Especialmente en una ciudad como Washington, donde tanta gente trabaja en políticas públicas, el efecto neto cuando se combinan estos espectáculos menores con los grandes actos de violencia es la sensación de que ahora todos somos combatientes, ya sea en casa o en el trabajo.

Eso fue cierto incluso el día en que el caos se acercó más al poder real. Aunque la importación de Jan. 6 es un intento de perturbar violentamente el funcionamiento constitucional del gobierno, muchas de las revelaciones posteriores más sorprendentes involucraron el trato que los insurrectos dieron a los trabajadores de Washington que estaban en el trabajo ese día: La policía que fue golpeada y llamó a la

Sí, el personal siempre ha corrido el riesgo de sufrir daños colaterales de la violencia política. Un policía de Washington, un oficial del Servicio Secreto y el portavoz presidencial fueron asesinados junto con Ronald Reagan en 1981. Pero no eran objetivos. Al mirar el video de la furia con la que los alborotadores confrontaron a la fuerza laboral anónima del Capitolio, se comprende por qué muchos tipos de Washington en todos los bandos políticos podrían preocuparse de ser presas potenciales y no sólo espectadores potenciales.

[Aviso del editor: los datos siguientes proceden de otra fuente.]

(* Let $(\Omega,\mathcal A)$ be a measurable space, let $K\subset\mathbb C^n$ be compact and let $A$ be a uniform algebra on $K$ whose maximal ideal space is a separable metric space. Let $f:\Omega\times K\to\mathbb C$ satisfy $f(\omega,\cdot)\in A$ for all $\omega$ and $f(\cdot,z)$ measurable for all $z\in K$. Then the map $\omega\mapsto\sigma(f(\omega,\cdot))$ is a random compact set in $\mathbb C$.
   Context: For $h\in A$, $\sigma(h)=\{\lambda\in\mathbb C:\lambda-h \text{ is not invertible in } A\}$. $\mathcal K'(\mathbb C)$ is the space of non-empty compact subsets of $\mathbb C$ with the Hausdorff distance and its Borel $\sigma$-algebra; a random compact set in $\mathbb C$ is a measurable map $\Omega\to\mathcal K'(\mathbb C)$. *)

From mathcomp Require Import all_boot all_algebra all_classical all_reals all_analysis.
From mathcomp Require Import complex.
Import numFieldNormedType.Exports.
Import GRing.Theory Num.Theory.
Set Implicit Arguments. Unset Strict Implicit. Unset Printing Implicit Defensive.
Local Open Scope classical_set_scope.
Local Open Scope ring_scope.

(* The complex numbers are R[i] for R : realType,
   viewed as a numClosedFieldType so that MathComp-Analysis equips it with its
   normed (Euclidean) topology. *)
Definition CC (R : realType) : numClosedFieldType := R[i].

Definition cmod (R : realType) (x : CC R) : R :=
  Num.sqrt (complex.Re x ^+ 2 + complex.Im x ^+ 2).

Section UniformAlgebra.
Variables (R : realType) (n : nat).
Local Notation C := (CC R).
Local Notation V := 'rV[C]_n.

Definition eq_on (K : set V) (g h : V -> C) := forall z, K z -> g z = h z.

(* A uniform algebra on the compact set K: a subalgebra of C(K) (represented
   by functions V -> C, only their restrictions to K matter) on a non-empty K, containing the
   constants, separating the points of K, and closed for the sup-norm on K. *)
Definition uniform_algebra (K : set V) (A : set (V -> C)) : Prop :=
  K !=set0 /\
  (forall g, A g -> {within K, continuous g}) /\
  (forall c : C, A (fun _ => c)) /\
  [/\ forall g h, A g -> A h -> A (fun z => g z + h z),
      forall (c : C) g, A g -> A (fun z => c * g z),
      forall g h, A g -> A h -> A (fun z => g z * h z),
      forall x y, K x -> K y -> x <> y -> exists2 g, A g & g x <> g y
    & forall (u : nat -> V -> C) (g : V -> C), (forall k, A (u k)) ->
        (forall e : R, 0 < e -> exists N, forall k, (N <= k)%N ->
            forall z, K z -> cmod (u k z - g z) < e) ->
        exists2 h, A h & eq_on K h g].

Definition spectrum (K : set V) (A : set (V -> C)) (h : V -> C) : set C :=
  [set l | ~ exists2 g, A g & forall z, K z -> (l - h z) * g z = 1].

(* Maximal ideal space of A, realized (Gelfand) as the set of characters,
   i.e. nonzero multiplicative linear functionals on A.  Characters are
   represented as maps (V -> C) -> C, only their values on A matter. *)
Definition character (K : set V) (A : set (V -> C)) (phi : (V -> C) -> C) :=
  [/\ forall g h, A g -> A h -> eq_on K g h -> phi g = phi h,
      forall g h, A g -> A h -> phi (fun z => g z + h z) = phi g + phi h,
      forall (c : C) g, A g -> phi (fun z => c * g z) = c * phi g,
      forall g h, A g -> A h -> phi (fun z => g z * h z) = phi g * phi h
    & phi (fun _ => 1) = 1].

Definition char_eq (A : set (V -> C)) (phi psi : (V -> C) -> C) :=
  forall g, A g -> phi g = psi g.

Definition gelfand_open (K : set V) (A : set (V -> C))
    (U : set ((V -> C) -> C)) : Prop :=
  U `<=` character K A /\
  forall phi, U phi -> exists (k : nat) (hs : 'I_k -> V -> C) (e : R),
    [/\ 0 < e, forall i, A (hs i) &
        forall psi, character K A psi ->
          (forall i, cmod (psi (hs i) - phi (hs i)) < e) -> U psi].

Definition max_ideal_space_separable_metric (K : set V) (A : set (V -> C)) :=
  exists d : ((V -> C) -> C) -> ((V -> C) -> C) -> R,
    [/\ forall phi psi, character K A phi -> character K A psi ->
          0 <= d phi psi /\ (d phi psi = 0 <-> char_eq A phi psi),
        forall phi psi, character K A phi -> character K A psi ->
          d phi psi = d psi phi,
        forall phi psi chi, character K A phi -> character K A psi ->
          character K A chi -> d phi chi <= d phi psi + d psi chi,
        forall U, U `<=` character K A ->
          (gelfand_open K A U <->
           forall phi, U phi -> exists2 e : R, 0 < e &
             forall psi, character K A psi -> d phi psi < e -> U psi)
      & exists D : set ((V -> C) -> C),
          [/\ countable D, D `<=` character K A &
              forall phi, character K A phi -> forall e : R, 0 < e ->
                exists2 psi, D psi & d phi psi < e]].
End UniformAlgebra.

Section RandomCompact.
Variable R : realType.
Local Notation C := (CC R).

Definition nonempty_compacts : set (set C) := [set X | X !=set0 /\ compact X].

Local Open Scope ereal_scope.
Definition set_dist (a : C) (X : set C) : \bar R :=
  ereal_inf [set (cmod (a - b))%:E | b in X].
Definition hausdorff_dist (X Y : set C) : \bar R :=
  maxe (ereal_sup [set set_dist a Y | a in X])
       (ereal_sup [set set_dist b X | b in Y]).
Local Close Scope ereal_scope.

Definition hausdorff_open (U : set (set C)) : Prop :=
  U `<=` nonempty_compacts /\
  forall X, U X -> exists2 e : R, 0 < e &
    forall Y, nonempty_compacts Y -> (hausdorff_dist X Y < e%:E)%E -> U Y.

Definition hausdorff_borel : set (set (set C)) :=
  <<s nonempty_compacts, hausdorff_open >>.

Definition random_compact_set (d : measure_display) (Omega : measurableType d)
    (F : Omega -> set C) : Prop :=
  (forall w, nonempty_compacts (F w)) /\
  forall B, hausdorff_borel B -> measurable (F @^-1` B).

Definition borel_measurable_C (d : measure_display) (Omega : measurableType d)
    (g : Omega -> C) : Prop :=
  forall B, <<s (open : set (set C)) >> B -> measurable (g @^-1` B).
End RandomCompact.

(* The spectrum of h in A contains h(K) and, by a Neumann series argument, is
   closed and bounded by the sup-norm of h on K, so it is a non-empty compact set.

   A map F into the non-empty compact sets is Borel for the Hausdorff metric as
   soon as the events "F(w) misses L" are measurable for every compact L: a
   Hausdorff-open set is a countable union of the patterns "covered by finitely
   many rational discs and meeting each of them", and these patterns are
   expressed through such events.

   For F(w) = sigma(f(w)), L misses sigma(f(w)) iff L is covered by finitely many
   discs around rational points p, each carrying an element g of a countable
   sup-norm dense family of A with |(p - f(w)) g - 1| <= 1/2 on K.  By continuity
   this inequality only has to be tested on a countable dense subset of K, where
   it is a measurable condition on w because each f(., z) is. *)

From mathcomp Require Import all_boot all_algebra all_classical all_reals all_analysis.
From mathcomp Require Import complex.
From mathcomp Require Import ring lra.
Import numFieldNormedType.Exports.
Import GRing.Theory Num.Theory order.Order.TTheory.
Set Implicit Arguments. Unset Strict Implicit. Unset Printing Implicit Defensive.
Local Open Scope classical_set_scope.
Local Open Scope ring_scope.
Local Open Scope complex_scope.

Section ComplexModulus.
Variable R : realType.
Local Notation C := (CC R).
Implicit Types x y z : C.

Lemma normC_cmod x : `|x| = (cmod x)%:C.
Proof. by rewrite /cmod normc_def. Qed.

Lemma cmod_ge0 x : 0 <= cmod x.
Proof. exact: sqrtr_ge0. Qed.

Lemma cmodM x y : cmod (x * y) = cmod x * cmod y.
Proof. by apply: (@complexI R); rewrite -normC_cmod normrM !normC_cmod rmorphM. Qed.

Lemma ler_cmodD x y : cmod (x + y) <= cmod x + cmod y.
Proof.
rewrite -lecR -normC_cmod rmorphD; apply: le_trans (ler_normD _ _) _.
by rewrite !normC_cmod.
Qed.

Lemma cmodN x : cmod (- x) = cmod x.
Proof. by apply: (@complexI R); rewrite -!normC_cmod normrN. Qed.

Lemma distcC x y : cmod (x - y) = cmod (y - x).
Proof. by rewrite -cmodN opprB. Qed.

Lemma ler_distcD x y z : cmod (x - z) <= cmod (x - y) + cmod (y - z).
Proof. by have := ler_cmodD (x - y) (y - z); rewrite addrA subrK. Qed.

Lemma cmod0 : cmod (0 : C) = 0.
Proof. by apply: (@complexI R); rewrite -normC_cmod normr0. Qed.

Lemma cmod1 : cmod (1 : C) = 1.
Proof. by apply: (@complexI R); rewrite -normC_cmod normr1. Qed.

Lemma cmodV x : cmod x^-1 = (cmod x)^-1.
Proof. by apply: (@complexI R); rewrite -normC_cmod normfV normC_cmod fmorphV. Qed.

Lemma cmodX x k : cmod (x ^+ k) = cmod x ^+ k.
Proof. by apply: (@complexI R); rewrite -normC_cmod normrX normC_cmod rmorphXn. Qed.

Lemma ler_abs_Re x : `|complex.Re x| <= cmod x.
Proof.
case: x => a b; rewrite /cmod /= -sqrtr_sqr ler_sqrt ?lerDl ?sqr_ge0 //.
by rewrite addr_ge0 ?sqr_ge0.
Qed.

Lemma ler_abs_Im x : `|complex.Im x| <= cmod x.
Proof.
case: x => a b; rewrite /cmod /= -sqrtr_sqr ler_sqrt ?lerDr ?sqr_ge0 //.
by rewrite addr_ge0 ?sqr_ge0.
Qed.

Lemma cmod_le_ReIm x : cmod x <= `|complex.Re x| + `|complex.Im x|.
Proof.
rewrite -lecR -normC_cmod rmorphD; case: x => a b /=.
have -> : (a +i* b)%C = a%:C + 'i * b%:C :> C.
  by apply/eqP; rewrite eq_complex /= !mul0r !mul1r !subr0 !add0r !addr0 !eqxx.
apply: le_trans (ler_normD _ _) _; rewrite normrM normCi mul1r.
by rewrite !normC_cmod /cmod /= !expr0n /= !addr0 !sqrtr_sqr.
Qed.

Lemma nbhs_cmodP x (P : set C) :
  nbhs x P <-> exists2 r : R, 0 < r & forall y, cmod (x - y) < r -> P y.
Proof.
rewrite nbhs_ballP; split=> -[e e0 xeP].
  have e_real : e = (cmod e)%:C by rewrite -normC_cmod gtr0_norm.
  exists (cmod e); first by rewrite -ltcR -e_real.
  by move=> y xy; apply: xeP; rewrite -ball_normE /= normC_cmod e_real ltcR.
exists e%:C; first by rewrite /= ltcR.
by move=> y; rewrite -ball_normE /= normC_cmod ltcR; exact: xeP.
Qed.

Lemma open_cmodP (O : set C) :
  open O <-> forall x, O x -> exists2 r : R, 0 < r & forall y, cmod (x - y) < r -> O y.
Proof. by rewrite openE; split=> Oopen x /Oopen/nbhs_cmodP. Qed.

Lemma closed_cmod_ball (a : C) (r : R) : closed [set y : C | cmod (a - y) <= r].
Proof.
rewrite -openC; apply/open_cmodP => x /= /negP; rewrite -ltNge => rax.
exists (cmod (a - x) - r); first by rewrite subr_gt0.
move=> y xy ay; have := ler_distcD a y x; rewrite (distcC y); lra.
Qed.

Lemma cmod_continuous : continuous (@cmod R : C -> R).
Proof.
move=> x U /nbhs_ballP[r /= r0 rU]; apply/nbhs_cmodP; exists r => // y xy.
apply: rU; rewrite /ball /= ltr_norml.
have := ler_distcD x y 0; have := ler_distcD y x 0; rewrite !subr0 (distcC y); lra.
Qed.

Lemma complex_of_pair_continuous : continuous (fun p : R * R => (p.1 +i* p.2)%C : C).
Proof.
move=> [a b] U /nbhs_cmodP[r r0 rU]; apply/nbhs_ballP; exists (r / 2) => /=; first lra.
move=> [a' b'] [/= aa' bb']; apply: rU; apply: le_lt_trans (cmod_le_ReIm _) _.
by move: aa' bb'; rewrite /ball /=; lra.
Qed.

Eso es cierto incluso si simplemente estamos viviendo una vida de nerds en Washington. En 2019, los nacionalistas blancos marcharon hacia una librería de Connecticut Avenue donde se leía un libro sobre el resentimiento racial. Unos años antes, una pizzería y pingpong en la misma cuadra fue asaltada por un hombre armado que suscribía una extraña teoría de conspiración que decía que el restaurante era un epicentro del tráfico de niños por parte de las élites políticas demócratas. Tal vez fue simplemente una locura de la era de Internet, pero en una cultura acostumbrada a estar a salvo de la política, era inquietante de todos modos.

En la naturaleza de nuestra política, la tendencia cuando nos enfrentamos a esta innoble historia es tratar de adjudicar responsabilidades. ¿Es culpa de MAGA? Denunciar claramente a una facción no cambia su comportamiento.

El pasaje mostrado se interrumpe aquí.